# YOUR TASK
Word for word, copy the line containing "Inductive minor_steps K" and each line after it in the records below, ending with the last line.

# DATA PROVIDED
(* Let $d\ge1$, $n\ge 2d+3$, and let $M$ be a missing $d$-face of $\mathcal{C}(\partial C_{2d+1}(n))$. Then $(\Delta_{2d+2})^{\le d}$ is a minor of $\mathcal{C}(\partial C_{2d+1}(n))^{\le d}\cup\{M\}$.
   Context: $\mathcal{C}(\partial C_{2d+1}(n))$ is the boundary complex of the cyclic $(2d+1)$-polytope on vertex set $[n]$; by Gale's evenness condition it is the simplicial complex on $[n]$ whose maximal simplices are the $(2d+1)$-element sets $S\subseteq[n]$ such that for all $i<j$ in $[n]\setminus S$ the number of elements of $S$ strictly between $i$ and $j$ is even. $K^{\le k}$ is the subcomplex of simplices of dimension at most $k$ (dimension of $F$ is $|F|-1$). A missing $k$-face of $K$ is a $(k+1)$-subset $M\subseteq V(K)$ with $M\notin K$ but all proper subsets of $M$ in $K$. $\Delta_m$ is the complex of all subsets of an $(m+1)$-element set. Minors (Nevo): a deletion replaces $K$ by a subcomplex; an admissible contraction identifies two distinct vertices $u,v$ of $K$ such that no missing $k$-face of $K$ with $k\le\dim K$ contains both $u$ and $v$, producing $L=\{F\in K: u\notin F\}\cup\{(F\setminus\{u\})\cup\{v\}: u\in F\in K\}$. $L$ is a minor of $K$ if it is obtained (up to isomorphism) from $K$ by a finite sequence of deletions and admissible contractions. *)

From mathcomp Require Import all_boot.
Set Implicit Arguments. Unset Strict Implicit. Unset Printing Implicit Defensive.

Section Complexes.
Variable T : finType.
Implicit Types (K L : {set {set T}}) (F G M : {set T}) (u v : T).

Definition is_complex K : Prop :=
  forall F G, F \in K -> G \subset F -> G \in K.

Definition vertices K : {set T} := [set x | [set x] \in K].

Definition max_face_size K : nat := \max_(F in K) #|F|.

(* K^{<= k}: faces of dimension at most k, i.e. of size at most k+1 *)
Definition skeleton (k : nat) K : {set {set T}} := [set F in K | #|F| <= k.+1].

Definition missing_face K M : Prop :=
  M \subset vertices K /\ M \notin K /\ (forall N : {set T}, N \proper M -> N \in K).

Definition missing_kface (k : nat) K M : Prop :=
  #|M| = k.+1 /\ missing_face K M.

Definition contract K u v : {set {set T}} :=
  [set F in K | u \notin F] :|: [set (F :\ u) :|: [set v] | F in K & u \in F].

Definition admissible_contraction K u v : Prop :=
  [/\ u != v, u \in vertices K, v \in vertices K &
      forall M : {set T}, missing_face K M -> #|M| <= max_face_size K ->
        ~ (u \in M /\ v \in M)].

Inductive minor_step K : {set {set T}} -> Prop :=
  | MS_delete L : is_complex L -> L \subset K -> minor_step K L
  | MS_contract u v : admissible_contraction K u v -> minor_step K (contract K u v).

Inductive minor_steps K : {set {set T}} -> Prop :=
  | MSS_refl : minor_steps K K
  | MSS_step L L' : minor_steps K L -> minor_step L L' -> minor_steps K L'.
End Complexes.

Definition isomorphic (T T' : finType) (K : {set {set T}}) (L : {set {set T'}}) : Prop :=
  exists f : T -> T', {in vertices K &, injective f} /\ L = [set f @: (F : {set T}) | F in K].

Definition is_minor (T' : finType) (L : {set {set T'}}) (T : finType) (K : {set {set T}}) : Prop :=
  exists K' : {set {set T}}, minor_steps K K' /\ isomorphic K' L.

# ANSWER
Inductive minor_steps K : {set {set T}} -> Prop :=
  | MSS_refl : minor_steps K K
  | MSS_step L L' : minor_steps K L -> minor_step L L' -> minor_steps K L'.
End Complexes.

Definition isomorphic (T T' : finType) (K : {set {set T}}) (L : {set {set T'}}) : Prop :=
  exists f : T -> T', {in vertices K &, injective f} /\ L = [set f @: (F : {set T}) | F in K].

Definition is_minor (T' : finType) (L : {set {set T'}}) (T : finType) (K : {set {set T}}) : Prop :=
  exists K' : {set {set T}}, minor_steps K K' /\ isomorphic K' L.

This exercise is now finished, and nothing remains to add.